We need to define a few helper functions. First the `model_modifier` that replaces the `softmax` by a linear layer. The reason is that we cannot study the influence of neurons on the output $y_k$, if the output depends on all classes (which is the case when we use `softmax`). 

In [None]:
# model modifier
def model_modifier(m):
    m.layers[-1].activation = tf.keras.activations.linear
    return m

def loss(img_prediction):
    # the loss gives the score of the image for the correct class. 
    # if you want to test the importance for the prediction of another class
    # you have to adapt the index accordingly.
    correct_class_index = np.argmax(img_prediction)
    return img_prediction[0][correct_class_index]

In [None]:
from tf_keras_vis.utils import normalize
from matplotlib import cm
from tf_keras_vis.gradcam import Gradcam

# Create Gradcam object
gradcam = Gradcam(model,
                  model_modifier=model_modifier,
                  clone=False)

# Generate heatmap with GradCAM
cam = gradcam(loss,
              img_prep,
              penultimate_layer=-1, # model.layers number
             )
cam = normalize(cam)

plt.imshow(image)
heatmap = np.uint8(cm.jet(cam[0]) * 255)
plt.imshow(heatmap, cmap='jet', alpha=0.5)


**Assignment:** Test the grad-CAM first on the three animal images, and verify that you obtain a reasonable result. Then test the algorithm on the three bridge images. Visualize the top-3 predictions.(Make a nice plot with the results)

*   For `Bridge1.jpg` you obtain a wrong classification, but what can be said about the learned network in view of the visualization of the top-3 predictions? 
*   For `Bridge3.jpg` you get the right result, but what can you say about the "understanding" of the image in view of your visualization result? 

Note that the correspondence of class names and indices can be found at: 
[ImageNet](https://gist.github.com/yrevar/942d3a0ac09ec9e5eb3a)


# Activation Maximization

So far, we visualized activations of images, i.e. we focused on visualizations of inner network representations for given image data.

We can also visualize properties of the network itself. A popular method is the activation maximization, where we seek an image that would maximize a given neuron inside the network. 

For this, we solve the maximization problem: 
\begin{equation}
x^{\ast} = {\arg \max}_{x} z(x)
\end{equation}
where $z(x)$ is the value of an arbitrary neuron (or a set of neurons, e.g. the neurons in one feature map) in the network. 

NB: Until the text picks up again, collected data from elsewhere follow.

(* Let $n\geq2$. Every nonzero homogeneous harmonic polynomial $h$ on $\mathbb{R}^{n+1}$ which is $(n+2)$-symmetric and satisfies $\int_{B_1}h(y)\,dy=0$ has degree at least $3$.
   Context: Fix $n+2$ points $q_1,\dots,q_{n+2}\in\mathbb{S}^n\subset\mathbb{R}^{n+1}$ spread evenly on $\mathbb{S}^n$ (vertices of an inscribed regular simplex). $\mathcal{S}_{n+2}(q)$ is the set of rotations $\phi\in SO(n+1)$ mapping $\{q_1,\dots,q_{n+2}\}$ onto itself; $h$ is $(n+2)$-symmetric if $h\circ\phi=h$ for all $\phi\in\mathcal{S}_{n+2}(q)$. $B_1$ is the unit ball of $\mathbb{R}^{n+1}$. *)

From HB Require Import structures.
From mathcomp Require Import all_boot all_order all_algebra.
From mathcomp Require Import mpoly.
From mathcomp Require Import all_classical all_reals all_analysis.

Set Implicit Arguments.
Unset Strict Implicit.
Unset Printing Implicit Defensive.

Import Order.TTheory GRing.Theory Num.Theory.
Local Open Scope classical_set_scope.
Local Open Scope ring_scope.

Section Defs.
Variable R : realType.

Definition dotv (k : nat) (u v : 'rV[R]_k) : R := (u *m v^T) 0 0.

(* q_1..q_{n+2} are the vertices of a regular simplex inscribed in S^n
   (unit vectors with pairwise inner product -1/(n+1)). *)
Definition regular_simplex (n : nat) (q : 'I_n.+2 -> 'rV[R]_n.+1) : Prop :=
  forall i j : 'I_n.+2,
    dotv (q i) (q j) = if i == j then 1 else - (n.+1%:R)^-1.

Definition is_rotation (k : nat) (M : 'M[R]_k) : Prop :=
  M *m M^T = 1%:M /\ \det M = 1.

Definition simplex_sym (n : nat) (q : 'I_n.+2 -> 'rV[R]_n.+1)
  (M : 'M[R]_n.+1) : Prop :=
  is_rotation M /\ (fun x => x *m M) @` range q = range q.

Definition peval (k : nat) (h : mpoly.mpoly k R) (x : 'rV[R]_k) : R :=
  mpoly.meval (fun i => x 0 i) h.

Definition simplex_symmetric (n : nat) (q : 'I_n.+2 -> 'rV[R]_n.+1)
  (h : mpoly.mpoly n.+1 R) : Prop :=
  forall M, simplex_sym q M -> forall x, peval h (x *m M) = peval h x.

Definition harmonic_poly (k : nat) (h : mpoly.mpoly k R) : Prop :=
  \sum_(i < k) mpoly.mderiv i (mpoly.mderiv i h) = 0.

Definition homog_poly (k : nat) (d : nat) (h : mpoly.mpoly k R) : Prop :=
  h \is @mpoly.ishomog1 k R d (mpoly.mpoly_mdeg__canonical__mpoly_Measure k).

(* Integral over the closed ball {|x|^2 <= rho} of R^k, written as the
   iterated (Fubini) Lebesgue integral:
   int_{|x_1| <= sqrt rho} int_{ball of R^(k-1), radius^2 rho - x_1^2} ... *)
Fixpoint ball_integral (k : nat) (rho : R) (g : seq R -> R) : R :=
  match k with
  | 0 => g [::]
  | k'.+1 =>
      Rintegral (@lebesgue_measure R) `[- Num.sqrt rho, Num.sqrt rho]
        (fun t => ball_integral k' (rho - t ^+ 2) (fun s => g (t :: s)))
  end.

Definition int_unit_ball (k : nat) (h : mpoly.mpoly k R) : R :=
  ball_integral k 1 (fun s => mpoly.meval (fun i : 'I_k => nth 0 s i) h).

End Defs.

From HB Require Import structures.
From mathcomp Require Import all_boot all_order all_algebra.
From mathcomp Require Import mpoly.
From mathcomp Require Import all_classical all_reals all_analysis.
From mathcomp Require Import fingroup perm.
From mathcomp Require Import measurable_realfun ring lra.

Set Implicit Arguments.
Unset Strict Implicit.
Unset Printing Implicit Defensive.

Import Order.TTheory GRing.Theory Num.Theory.
Local Open Scope classical_set_scope.
Local Open Scope ring_scope.

(* A homogeneous polynomial of degree 0, 1 or 2 is a constant c, a linear form <x, c>, or a
   quadratic form x A x^T.  Each 3-cycle of the vertices of the simplex is induced by a rotation
   (the vertices span R^(n+1), and the cube of the induced map fixes them), and for n >= 2 the
   3-cycles act transitively on vertices and on ordered pairs of distinct vertices.  So a
   symmetric linear form is constant on the vertices, which sum to 0, hence vanishes; the
   symmetric part of a symmetric quadratic form is a multiple of the identity, and harmonicity
   (trace 0) kills it.  A nonzero constant has nonzero integral over the ball. *)

Section BallVolume.
Variable R : realType.
Notation mu := (@lebesgue_measure R).

Definition ball_volume (k : nat) (rho : R) : R := ball_integral k rho (fun _ => 1).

Typically, $z(x)=S_c(x)$ is the value of the output layer for one particular class. We therefore seek the image that maximizes the output for a particular class (e.g. the output for `water_ouzel`, `index: 20`). 

In [None]:
# INDEX is the index of the class in the 1000-dimensional output vector
INDEX = 20

from tf_keras_vis.activation_maximization import ActivationMaximization

activation_maximization = ActivationMaximization(model,
                                                 model_modifier,
                                                 clone=False)

def loss(output):
    return output[:, INDEX]

from tf_keras_vis.utils.callbacks import Print

activation = activation_maximization(loss, callbacks=[Print(interval=50)])
generated_img = activation[0].astype(np.uint8)

plt.imshow(generated_img)
plt.tight_layout()


**Assignment**: You might want to play with this, e.g. 385: Indian elephant, 2: great white shark, 555: fire truck

Other classes can be found at: 
[ImageNet](https://gist.github.com/yrevar/942d3a0ac09ec9e5eb3a)

**Assignment:** Generate the activation maximization image the the same index, for a network initialized randomly. What do you observe?